現代を生き抜くために否応なく迫りくる腰への負担。
そして彼が待っていた運命とは・・・。


前の2話は、上手い下手はあれどエロチックサスペンスをテーマにしていたが、何故かこの話に限りサスペンス要素がコメディーに変わり、エロチックコメディーをテーマにしている。

とはいえ、全体的に見るとなかなか面白く、エロいシーンは少ないものの上手く活かしシュールなギャグにしている。

役者の演技も全体的に素晴らしいのだが、その中でも特に長塚京三が素晴らしく、外面は真面目だが中身はヘタレなエロ野郎といったキャラクターを視聴者に違和感を感じさせないよう自然に演じている。

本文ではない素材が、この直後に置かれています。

(* Let $\{\mathcal Z_n\}$ be a Galton–Watson process with countably many types and irreducible mean progeny matrix $M$ satisfying the dichotomy property. Suppose there exist a probability vector $\boldsymbol\alpha_1$ with all entries strictly positive and $\lambda_1<1$ such that $\boldsymbol\alpha_1M\le\lambda_1\boldsymbol\alpha_1$, and a probability vector $\boldsymbol\alpha_2$ and $\lambda_2>1$ such that $\boldsymbol\alpha_2M\ge\lambda_2\boldsymbol\alpha_2$. Then $\boldsymbol q=\boldsymbol 1$; if $\varphi_0$ has distribution $\boldsymbol\alpha_1$ then $\mathbb E[|\mathcal Z_n|]\le\lambda_1^n$ for all $n$, so $\mathbb E[|\mathcal Z_n|]\to0$; and if $\varphi_0$ has distribution $\boldsymbol\alpha_2$ then $\mathbb E[|\mathcal Z_n|]\to\infty$ while the population still becomes extinct with probability 1.
   Context: A (multitype) Galton–Watson process with type set $\mathcal S=\{1,2,3,\dots\}$ is $\{\mathcal Z_n=(Z_{n1},Z_{n2},\dots)\}_{n\in\mathbb N}$, $Z_{n\ell}$ the number of type-$\ell$ individuals in generation $n$, started from one individual of (possibly random) type $\varphi_0$; $|\mathcal Z_n|=\sum_\ell Z_{n\ell}$. The mean progeny matrix is $M_{ij}=\partial P_i/\partial s_j|_{\boldsymbol s=\boldsymbol 1}$ (assumed finite). Global extinction: $q_i=\mathbb P[\lim_n|\mathcal Z_n|=0\mid\varphi_0=i]$. The dichotomy property holds if for every initial type $i$, with probability 1 either $|\mathcal Z_n|=0$ eventually or $|\mathcal Z_n|\to\infty$. Vector inequalities are componentwise. *)

From HB Require Import structures.
From mathcomp Require Import all_boot all_order all_algebra.
From mathcomp Require Import all_classical all_reals all_analysis.
Set Implicit Arguments. Unset Strict Implicit. Unset Printing Implicit Defensive.
Import Order.TTheory GRing.Theory Num.Theory.
Local Open Scope classical_set_scope.
Local Open Scope ring_scope.

(* Types are indexed by nat (type 0 plays the role of the paper's type 1).
   A generation is a count vector  z : nat -> nat  (z l = number of type-l
   individuals). *)
Definition pop := nat -> nat.

Definition finpop (z : pop) : Prop := exists N, forall l, (N <= l)%N -> z l = 0%N.

Definition zeropop : pop := fun _ => 0%N.

Definition unitpop (i : nat) : pop := fun l => (l == i : nat).

Section GW.
Variable R : realType.

Definition popsize (z : pop) : \bar R := \esum_(l in setT) ((z l)%:R)%:E.

(* p i v = probability that an individual of type i has offspring vector v *)
Definition offspring_law (p : nat -> pop -> R) : Prop :=
  forall i, (forall v, 0 <= p i v) /\ (forall v, ~ finpop v -> p i v = 0) /\
            \esum_(v in setT) (p i v)%:E = 1%E.

Fixpoint offs_conv (p : nat -> pop -> R) (xs : seq nat) (w : pop) : \bar R :=
  match xs with
  | [::] => (\1_[set zeropop] w)%:E
  | x :: xs' => \esum_(v in [set v : pop | forall l, (v l <= w l)%N])
                  ((p x v)%:E * offs_conv p xs' (fun l => (w l - v l)%N))%E
  end.

(* list of the individuals (by type) of z, assuming z is supported in [0,N) *)
Definition indiv (N : nat) (z : pop) : seq nat :=
  flatten [seq nseq (z l) l | l <- iota 0 N].

Definition hist (T : Type) (Z : nat -> T -> pop) (n : nat) (zs : nat -> pop) : set T :=
  [set w | forall k, (k <= n)%N -> Z k w = zs k].

Definition GW_process (d : measure_display) (T : measurableType d)
  (P : probability T R) (Z : nat -> T -> pop) (p : nat -> pop -> R)
  (alpha : nat -> R) : Prop :=
  [/\ (forall n l k, measurable [set w | Z n w l = k]),
      (forall n w, finpop (Z n w)),
      (forall i, P [set w | Z 0%N w = unitpop i] = (alpha i)%:E) &
      (forall n (zs : nat -> pop) N, (forall l, (N <= l)%N -> zs n l = 0%N) ->
         P (hist Z n.+1 zs) = (P (hist Z n zs) * offs_conv p (indiv N (zs n)) (zs n.+1))%E)].

Definition mean_matrix (p : nat -> pop -> R) (i j : nat) : \bar R :=
  \esum_(v in setT) (p i v * (v j)%:R)%:E.

Fixpoint mxpow (M : nat -> nat -> \bar R) (n : nat) (i j : nat) : \bar R :=
  match n with
  | 0%N => ((i == j)%:R)%:E
  | n'.+1 => \esum_(k in setT) (mxpow M n' i k * M k j)%E
  end.

Definition irreducible (M : nat -> nat -> \bar R) : Prop :=
  forall i j, exists n, (0 < mxpow M n i j)%E.

Definition vecmat (a : nat -> R) (M : nat -> nat -> \bar R) (j : nat) : \bar R :=
  \esum_(i in setT) ((a i)%:E * M i j)%E.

最終的にはヘタレエロ野郎が浮気をした代償としてかなり悲惨な末路を辿るのだが、とある有名な都市伝説を上手くアレンジしており、観ていてスカッとなる内容となっている。
全体的には面白い内容であったが、不倫した男は悲惨な目に合うのに対し、不倫した女性は特に大した罰も受けないのは個人的にかなり不満に思えた。

何となく1話15分で放送していた時の「世にも奇妙な物語」のコメディー回に近いので、この頃の「世にも奇妙な物語」のコメディー回が好きな人はかなり楽しめるかもしれないが、浮気や不倫を題材にした物語が嫌いな人には恐らく不快にしか思わないだろう。


3つの話に言える事だが、どれも1話15分で放送していた時の「世にも奇妙な物語」に演出や脚本が近くそれにエロを付け足したような話になっている。
とはいえ、そこまでエロい訳ではなく、エロ要素が含む作品を観る際に妻が必ず行う「勃起チェック」でも検知されないレベルなので、エロ目的で本作を鑑賞するのなら違う作品を観た方がいいと思う。